• _TO DO_: Search the records for the string "Require" and copy every line in which it appears.

#### RECORDS SUPPLIED ####

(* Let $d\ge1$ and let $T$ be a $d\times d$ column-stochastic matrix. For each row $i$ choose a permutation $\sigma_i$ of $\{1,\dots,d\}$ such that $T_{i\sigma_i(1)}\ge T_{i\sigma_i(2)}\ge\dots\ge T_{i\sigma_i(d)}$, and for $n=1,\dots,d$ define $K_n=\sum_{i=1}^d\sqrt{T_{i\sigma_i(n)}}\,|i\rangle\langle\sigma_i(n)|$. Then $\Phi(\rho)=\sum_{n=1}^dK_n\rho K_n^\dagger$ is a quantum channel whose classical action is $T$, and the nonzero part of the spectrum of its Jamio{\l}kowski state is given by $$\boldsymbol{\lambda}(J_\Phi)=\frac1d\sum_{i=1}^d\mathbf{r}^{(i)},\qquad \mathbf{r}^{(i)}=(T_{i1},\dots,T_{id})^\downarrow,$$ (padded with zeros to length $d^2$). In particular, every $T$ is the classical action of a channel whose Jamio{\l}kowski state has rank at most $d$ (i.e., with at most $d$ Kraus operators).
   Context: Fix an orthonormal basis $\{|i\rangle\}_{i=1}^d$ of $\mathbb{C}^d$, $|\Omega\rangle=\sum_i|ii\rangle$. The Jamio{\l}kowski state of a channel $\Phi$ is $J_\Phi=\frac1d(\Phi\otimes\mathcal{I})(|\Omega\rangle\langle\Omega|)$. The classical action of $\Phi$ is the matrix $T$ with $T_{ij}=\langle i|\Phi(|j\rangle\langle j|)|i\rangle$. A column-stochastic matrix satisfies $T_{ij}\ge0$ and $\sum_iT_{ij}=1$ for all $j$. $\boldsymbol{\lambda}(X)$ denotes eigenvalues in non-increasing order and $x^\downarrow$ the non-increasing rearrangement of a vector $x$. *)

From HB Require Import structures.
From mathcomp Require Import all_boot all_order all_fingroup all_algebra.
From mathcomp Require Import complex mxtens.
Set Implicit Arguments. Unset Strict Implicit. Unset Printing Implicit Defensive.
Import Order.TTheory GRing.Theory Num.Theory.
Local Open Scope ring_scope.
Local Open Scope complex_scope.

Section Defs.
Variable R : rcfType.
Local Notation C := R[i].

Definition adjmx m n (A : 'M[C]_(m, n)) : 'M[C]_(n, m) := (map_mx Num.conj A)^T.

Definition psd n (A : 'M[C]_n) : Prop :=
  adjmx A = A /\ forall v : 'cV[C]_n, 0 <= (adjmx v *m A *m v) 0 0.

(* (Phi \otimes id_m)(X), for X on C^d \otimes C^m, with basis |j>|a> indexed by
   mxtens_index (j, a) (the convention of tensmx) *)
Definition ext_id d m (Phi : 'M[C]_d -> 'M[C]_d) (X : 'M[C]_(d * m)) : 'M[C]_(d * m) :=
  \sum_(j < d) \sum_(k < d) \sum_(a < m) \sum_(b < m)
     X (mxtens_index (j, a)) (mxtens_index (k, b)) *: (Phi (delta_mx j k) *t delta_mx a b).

####
#### RECORDS SUPPLIED ####

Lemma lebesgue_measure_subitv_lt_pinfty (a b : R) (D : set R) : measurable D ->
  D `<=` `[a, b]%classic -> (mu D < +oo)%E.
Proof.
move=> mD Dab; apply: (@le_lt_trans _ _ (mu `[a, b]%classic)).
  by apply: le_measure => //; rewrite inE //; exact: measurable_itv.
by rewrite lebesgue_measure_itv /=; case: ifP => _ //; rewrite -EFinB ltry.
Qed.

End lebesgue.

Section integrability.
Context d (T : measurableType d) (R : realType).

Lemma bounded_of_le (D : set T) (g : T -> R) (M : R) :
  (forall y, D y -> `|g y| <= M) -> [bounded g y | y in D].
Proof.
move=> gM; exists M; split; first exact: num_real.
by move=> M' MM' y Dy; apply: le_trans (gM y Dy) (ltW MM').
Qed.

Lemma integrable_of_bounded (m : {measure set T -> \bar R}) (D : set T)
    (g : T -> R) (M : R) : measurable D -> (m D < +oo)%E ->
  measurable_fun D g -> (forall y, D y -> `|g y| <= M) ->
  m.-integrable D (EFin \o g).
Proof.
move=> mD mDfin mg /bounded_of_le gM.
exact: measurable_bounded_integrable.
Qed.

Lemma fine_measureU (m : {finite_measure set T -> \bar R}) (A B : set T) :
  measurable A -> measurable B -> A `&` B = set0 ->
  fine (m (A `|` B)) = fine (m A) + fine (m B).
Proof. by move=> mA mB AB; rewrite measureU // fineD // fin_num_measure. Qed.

####
#### RECORDS SUPPLIED ####

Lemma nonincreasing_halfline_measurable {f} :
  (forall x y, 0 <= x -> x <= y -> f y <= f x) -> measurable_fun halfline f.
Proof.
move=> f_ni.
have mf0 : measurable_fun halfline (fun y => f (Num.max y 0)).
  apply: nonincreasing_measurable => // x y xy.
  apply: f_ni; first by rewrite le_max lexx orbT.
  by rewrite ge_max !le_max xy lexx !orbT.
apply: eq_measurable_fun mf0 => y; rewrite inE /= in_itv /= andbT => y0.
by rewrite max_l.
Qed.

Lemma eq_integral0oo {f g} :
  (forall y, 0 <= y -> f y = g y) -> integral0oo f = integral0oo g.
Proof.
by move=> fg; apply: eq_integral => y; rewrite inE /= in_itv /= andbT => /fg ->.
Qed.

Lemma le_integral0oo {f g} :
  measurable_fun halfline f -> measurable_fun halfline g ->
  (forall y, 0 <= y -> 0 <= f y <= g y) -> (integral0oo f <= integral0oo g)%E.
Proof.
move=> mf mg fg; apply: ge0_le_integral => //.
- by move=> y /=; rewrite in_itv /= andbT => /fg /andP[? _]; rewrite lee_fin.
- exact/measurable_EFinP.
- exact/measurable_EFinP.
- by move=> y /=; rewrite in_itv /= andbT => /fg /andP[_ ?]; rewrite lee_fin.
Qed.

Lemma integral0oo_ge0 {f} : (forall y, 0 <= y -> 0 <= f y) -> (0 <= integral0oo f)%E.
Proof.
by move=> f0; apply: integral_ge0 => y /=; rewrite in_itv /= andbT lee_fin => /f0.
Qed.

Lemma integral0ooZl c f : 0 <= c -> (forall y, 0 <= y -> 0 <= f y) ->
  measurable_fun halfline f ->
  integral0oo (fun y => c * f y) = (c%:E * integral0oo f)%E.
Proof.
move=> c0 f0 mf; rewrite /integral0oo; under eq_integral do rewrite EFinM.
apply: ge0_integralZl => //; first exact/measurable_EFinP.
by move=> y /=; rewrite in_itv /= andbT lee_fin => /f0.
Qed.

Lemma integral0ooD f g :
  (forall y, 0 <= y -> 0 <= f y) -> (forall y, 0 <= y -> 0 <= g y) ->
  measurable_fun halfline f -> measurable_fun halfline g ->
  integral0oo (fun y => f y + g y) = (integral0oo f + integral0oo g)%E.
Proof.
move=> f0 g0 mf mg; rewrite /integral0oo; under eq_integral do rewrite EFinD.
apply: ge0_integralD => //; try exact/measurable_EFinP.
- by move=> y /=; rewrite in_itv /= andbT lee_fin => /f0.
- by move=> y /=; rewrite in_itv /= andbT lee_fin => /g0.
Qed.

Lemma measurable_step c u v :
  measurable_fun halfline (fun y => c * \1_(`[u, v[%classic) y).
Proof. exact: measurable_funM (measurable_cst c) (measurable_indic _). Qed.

####

• _ANSWER SPACE_:
From HB Require Import structures.
From mathcomp Require Import all_boot all_order all_fingroup all_algebra.
From mathcomp Require Import complex mxtens.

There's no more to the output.